EXERCISE INSTRUCTIONS » Only one stretch of the records below is wanted: the lines from the one holding "by rewrite upds_notin // /upd eqxx." through the one holding "by exists m". Return it exactly, both ends included.

= Beginning of Section =

(* Let $A(\bar y)$ be a quantifier-free formula containing no function symbols of positive arity, let $C$ be the (finite) set of constants occurring in $A$, or $C=\{c_0\}$ for a fixed constant $c_0$ if $A$ contains none. Then for every Gödel set $V$, the sentence $\exists\bar y\,A(\bar y)$ is valid in $G_V$ if and only if there are finitely many tuples $\bar t_1,\dots,\bar t_n$ of constants from $C$ such that the quantifier-free sentence $A(\bar t_1)\vee\dots\vee A(\bar t_n)$ is valid in $G_V$.
   Context: A Gödel set is a closed set $V\subseteq[0,1]$ with $0,1\in V$. A $V$-interpretation assigns to each $k$-ary predicate a function $U^k\to V$ on a nonempty domain $U$ (constants as usual); $\bot\mapsto0$, $\wedge,\vee$ are $\min,\max$, $\mathcal I(A\supset B)=1$ if $\mathcal I(A)\le\mathcal I(B)$ and $=\mathcal I(B)$ otherwise, $\forall,\exists$ are $\inf,\sup$ over $U$. A sentence is valid in $G_V$ if every $V$-interpretation gives it value $1$. *)

From HB Require Import structures.
From mathcomp Require Import all_boot all_order all_algebra.
From mathcomp Require Import all_classical all_reals topology normedtype.
Set Implicit Arguments. Unset Strict Implicit. Unset Printing Implicit Defensive.
Import Order.TTheory GRing.Theory Num.Theory numFieldNormedType.Exports.
Local Open Scope ring_scope.
Local Open Scope classical_set_scope.

(* There are no function symbols of positive arity (the
   formula A of the statement contains none, so they are irrelevant). *)
Inductive term : Type :=
| Var : nat -> term
| Const : nat -> term.

(* A predicate symbol p applied to a list of k terms is the k-ary predicate
   (p,k); its interpretation is the restriction of [I_pred p] to lists of
   length k. *)
Inductive fml : Type :=
| Atom : nat -> seq term -> fml
| Bot : fml
| And : fml -> fml -> fml
| Or : fml -> fml -> fml
| Imp : fml -> fml -> fml
| All : nat -> fml -> fml
| Ex : nat -> fml -> fml.

Fixpoint qfree (f : fml) : bool :=
  match f with
  | Atom _ _ | Bot => true
  | And a b | Or a b | Imp a b => qfree a && qfree b
  | All _ _ | Ex _ _ => false
  end.

Definition term_vars (t : term) : seq nat :=
  match t with Var v => [:: v] | Const _ => [::] end.
Definition term_consts (t : term) : seq nat :=
  match t with Var _ => [::] | Const c => [:: c] end.

Fixpoint free_vars (f : fml) : seq nat :=
  match f with
  | Atom _ ts => flatten (map term_vars ts)
  | Bot => [::]
  | And a b | Or a b | Imp a b => free_vars a ++ free_vars b
  | All x a | Ex x a => seq.filter (fun v => v != x) (free_vars a)
  end.

Fixpoint consts (f : fml) : seq nat :=
  match f with
  | Atom _ ts => flatten (map term_consts ts)
  | Bot => [::]
  | And a b | Or a b | Imp a b => consts a ++ consts b
  | All _ a | Ex _ a => consts a
  end.

Definition exs (ys : seq nat) (A : fml) : fml := foldr Ex A ys.

(* Substitution of the constant tuple ts for the variable tuple ys in a
   quantifier-free formula (bound variables are left alone, which is correct
   substitution for quantifier-free formulas). *)
Definition inst_term (ys ts : seq nat) (t : term) : term :=
  match t with
  | Var v => if v \in ys then Const (nth 0%N ts (index v ys)) else Var v
  | Const c => Const c
  end.

Fixpoint inst (ys ts : seq nat) (f : fml) : fml :=
  match f with
  | Atom p args => Atom p (map (inst_term ys ts) args)
  | Bot => Bot
  | And a b => And (inst ys ts a) (inst ys ts b)
  | Or a b => Or (inst ys ts a) (inst ys ts b)
  | Imp a b => Imp (inst ys ts a) (inst ys ts b)
  | All x a => All x (inst ys ts a)
  | Ex x a => Ex x (inst ys ts a)
  end.

Fixpoint disj (a : fml) (l : seq fml) : fml :=
  match l with
  | [::] => a
  | b :: l' => Or a (disj b l')
  end.

Definition goedel_set (R : realType) (V : set R) : Prop :=
  closed V /\ V `<=` `[0, 1] /\ V 0 /\ V 1.

Section Semantics.
Variables (R : realType) (U : Type).
Variables (I_const : nat -> U) (I_pred : nat -> seq U -> R).

Definition teval (e : nat -> U) (t : term) : U :=
  match t with Var v => e v | Const c => I_const c end.

Definition upd (e : nat -> U) (x : nat) (u : U) : nat -> U :=
  fun v => if v == x then u else e v.

Fixpoint eval (e : nat -> U) (f : fml) : R :=
  match f with
  | Atom p ts => I_pred p (map (teval e) ts)
  | Bot => 0
  | And a b => Num.min (eval e a) (eval e b)
  | Or a b => Num.max (eval e a) (eval e b)
  | Imp a b => if eval e a <= eval e b then 1 else eval e b
  | All x a => inf (range (fun u => eval (upd e x u) a))
  | Ex x a => sup (range (fun u => eval (upd e x u) a))
  end.
End Semantics.

(* A V-interpretation: nonempty domain, constants interpreted in U, predicates
   take values in V. *)
Definition valid_in (R : realType) (V : set R) (f : fml) : Prop :=
  forall (U : Type) (u0 : U) (I_const : nat -> U) (I_pred : nat -> seq U -> R),
    (forall p args, V (I_pred p args)) ->
    forall e : nat -> U, eval I_const I_pred e f = 1.

(* Soundness: every disjunct A(t) is below the existential, with the values of
   the constants of t as witnesses.  Completeness: given any V-interpretation M,
   evaluate the existential in the Herbrand model on nat whose constants name
   themselves and whose predicates read a name c as M's value of c when c is in
   C, and as M's value of a fixed element of C otherwise.  Values there depend on
   the names only through these finitely many elements, so each supremum of the
   existential prefix is a maximum attained in C; validity makes it 1, and the
   maximising tuple t in C^n satisfies A(t) = 1 in M. *)

From Pilot Require Import Defs.
From mathcomp Require Import all_boot all_order all_algebra.
From mathcomp Require Import all_classical all_reals topology normedtype.
Import Order.TTheory GRing.Theory Num.Theory.
Set Implicit Arguments. Unset Strict Implicit.
Local Open Scope ring_scope.
Local Open Scope classical_set_scope.

Local Notation eval := Defs.eval.

Fixpoint upds (U : Type) (e : nat -> U) (ys : seq nat) (us : seq U) : nat -> U :=
  if (ys, us) is (y :: ys', u :: us') then upds (upd e y u) ys' us' else e.

Lemma upds_notin (U : Type) (e : nat -> U) ys us v :
  v \notin ys -> upds e ys us v = e v.
Proof.
elim: ys us e => [|y ys IH] [|u us] e //=.
by rewrite inE negb_or => /andP[vy vys]; rewrite IH // /upd (negbTE vy).
Qed.

Lemma upds_nth (U : Type) (e : nat -> U) ys us v d :
  uniq ys -> size us = size ys -> v \in ys ->
  upds e ys us v = nth d us (index v ys).
Proof.
elim: ys us e => [|y ys IH] [|u us] e //= /andP[yys uys] [sz].
rewrite inE; have [-> _|vy /= vys] := eqVneq v y; last by rewrite IH.
by rewrite upds_notin // /upd eqxx.
Qed.

Fixpoint tuples (C : seq nat) (n : nat) : seq (seq nat) :=
  if n is n'.+1 then [seq c :: t | c <- C, t <- tuples C n'] else [:: [::]].

Lemma mem_tuples C n t :
  (t \in tuples C n) = (size t == n) && all (mem C) t.
Proof.
elim: n t => [|n IH] [|c t] //=; first by apply/negbTE/allpairsP => -[[x y] [_ _]].
apply/allpairsP/idP => [[[x y] /= [xC yt [-> ->]]]|].
  by move: yt; rewrite IH eqSS xC.
by rewrite eqSS => /and3P[sz cC tC]; exists (c, t); rewrite /= IH sz.
Qed.

Lemma seq_argmax (I : eqType) (d : Order.disp_t) (T : orderType d) (f : I -> T) (C : seq I) :
  C != [::] -> exists2 c, c \in C & {in C, forall c', (f c' <= f c)%O}.
Proof.
elim: C => [//|c C IH] _; have [->|/IH[m mC Hm]] := eqVneq C [::].
  by exists c => [|c']; rewrite ?mem_seq1 // => /eqP->.
have [cm|mc] := leP (f c) (f m).
  by exists m => [|c']; rewrite inE ?mC ?orbT // => /orP[/eqP->|/Hm].
exists c => [|c']; rewrite inE ?eqxx // => /orP[/eqP->//|/Hm/le_trans]; apply.
exact: ltW.
Qed.

Section Evaluation.
Variables (R : realType) (U : Type) (Ic : nat -> U) (Ip : nat -> seq U -> R).
Implicit Types (e : nat -> U) (F : fml).

Lemma sup_range01 (u0 : U) (f : U -> R) :
  (forall u, 0 <= f u <= 1) -> 0 <= sup (range f) <= 1.
Proof.
move=> f01; have ne : range f !=set0 by exists (f u0), u0.
apply/andP; split; last by apply: ge_sup => // _ [u _ <-]; case/andP: (f01 u).
apply: le_trans (_ : f u0 <= _); first by case/andP: (f01 u0).
by apply: ub_le_sup; [exists 1 => _ [u _ <-]; case/andP: (f01 u)|exists u0].
Qed.

Lemma inf_range01 (u0 : U) (f : U -> R) :
  (forall u, 0 <= f u <= 1) -> 0 <= inf (range f) <= 1.
Proof.
move=> f01; have ne : range f !=set0 by exists (f u0), u0.
apply/andP; split; first by apply: lb_le_inf => // _ [u _ <-]; case/andP: (f01 u).
apply: le_trans (_ : f u0 <= 1); last by case/andP: (f01 u0).
by apply: ge_inf; [exists 0 => _ [u _ <-]; case/andP: (f01 u)|exists u0].
Qed.

Hypothesis (u0 : U) (Ip01 : forall p l, 0 <= Ip p l <= 1).

Lemma eval01 e F : 0 <= eval Ic Ip e F <= 1.
Proof.
elim: F e => [p ts| |a IHa b IHb|a IHa b IHb|a IHa b IHb|x a IHa|x a IHa] e /=.
- exact: Ip01.
- by rewrite lexx ler01.
- case/andP: (IHa e) => a0 a1; case/andP: (IHb e) => b0 b1.
  by rewrite le_min a0 b0 ge_min a1.
- case/andP: (IHa e) => a0 a1; case/andP: (IHb e) => b0 b1.
  by rewrite le_max a0 ge_max a1 b1.
- by case: ifP => _; rewrite ?lexx ?ler01.
- exact: inf_range01.
- exact: sup_range01.
Qed.

Lemma eval_eq1 e F : 1 <= eval Ic Ip e F -> eval Ic Ip e F = 1.
Proof. by move=> ge1; apply/le_anti; case/andP: (eval01 e F) => _ ->. Qed.

Lemma le_eval_exs ys us e A : size us = size ys ->
  eval Ic Ip (upds e ys us) A <= eval Ic Ip e (exs ys A).
Proof.
elim: ys us e => [|y ys IH] [|u us] e //= [sz].
apply: le_trans (IH us (upd e y u) sz) _; apply: ub_le_sup; last by exists u.
by exists 1 => _ [w _ <-]; case/andP: (eval01 (upd e y w) (exs ys A)).
Qed.

End Evaluation.

Section QuantifierFree.
Variable R : realType.

Lemma eval_qfree_morph (U1 U2 : Type) (I1c : nat -> U1) (I1p : nat -> seq U1 -> R)
    (I2c : nat -> U2) (I2p : nat -> seq U2 -> R) (h : U1 -> U2) e1 e2 F :
  qfree F -> (forall p l, I1p p l = I2p p (map h l)) ->
  {in free_vars F, forall v, h (e1 v) = e2 v} ->
  {in consts F, forall c, h (I1c c) = I2c c} ->
  eval I1c I1p e1 F = eval I2c I2p e2 F.
Proof.
move=> + hp; elim: F => [p ts| |a IHa b IHb|a IHa b IHb|a IHa b IHb|//|//] //=.
  move=> _ hv hc; rewrite hp -map_comp; congr (I2p p _).
  elim: ts hv hc => //= t ts IH hv hc.
  rewrite IH => [|v hvs|c hcs]; last 2 first.
  - by apply: hv; rewrite mem_cat hvs orbT.
  - by apply: hc; rewrite mem_cat hcs orbT.
  congr (_ :: _); case: t hv hc => [v|c] /= hv hc; [apply: hv | apply: hc];
  by rewrite mem_head.
all: move=> /andP[qa qb] hv hc.
all: rewrite IHa ?IHb // => [v|c|v|c] hx;
  [apply: hv | apply: hc | apply: hv | apply: hc]; by rewrite mem_cat hx ?orbT.
Qed.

= End of Section =

RESULT OF THIS TASK »
by rewrite upds_notin // /upd eqxx.
Qed.

Fixpoint tuples (C : seq nat) (n : nat) : seq (seq nat) :=
  if n is n'.+1 then [seq c :: t | c <- C, t <- tuples C n'] else [:: [::]].

Lemma mem_tuples C n t :
  (t \in tuples C n) = (size t == n) && all (mem C) t.
Proof.
elim: n t => [|n IH] [|c t] //=; first by apply/negbTE/allpairsP => -[[x y] [_ _]].
apply/allpairsP/idP => [[[x y] /= [xC yt [-> ->]]]|].
  by move: yt; rewrite IH eqSS xC.
by rewrite eqSS => /and3P[sz cC tC]; exists (c, t); rewrite /= IH sz.
Qed.

Lemma seq_argmax (I : eqType) (d : Order.disp_t) (T : orderType d) (f : I -> T) (C : seq I) :
  C != [::] -> exists2 c, c \in C & {in C, forall c', (f c' <= f c)%O}.
Proof.
elim: C => [//|c C IH] _; have [->|/IH[m mC Hm]] := eqVneq C [::].
  by exists c => [|c']; rewrite ?mem_seq1 // => /eqP->.
have [cm|mc] := leP (f c) (f m).
  by exists m => [|c']; rewrite inE ?mC ?orbT // => /orP[/eqP->|/Hm].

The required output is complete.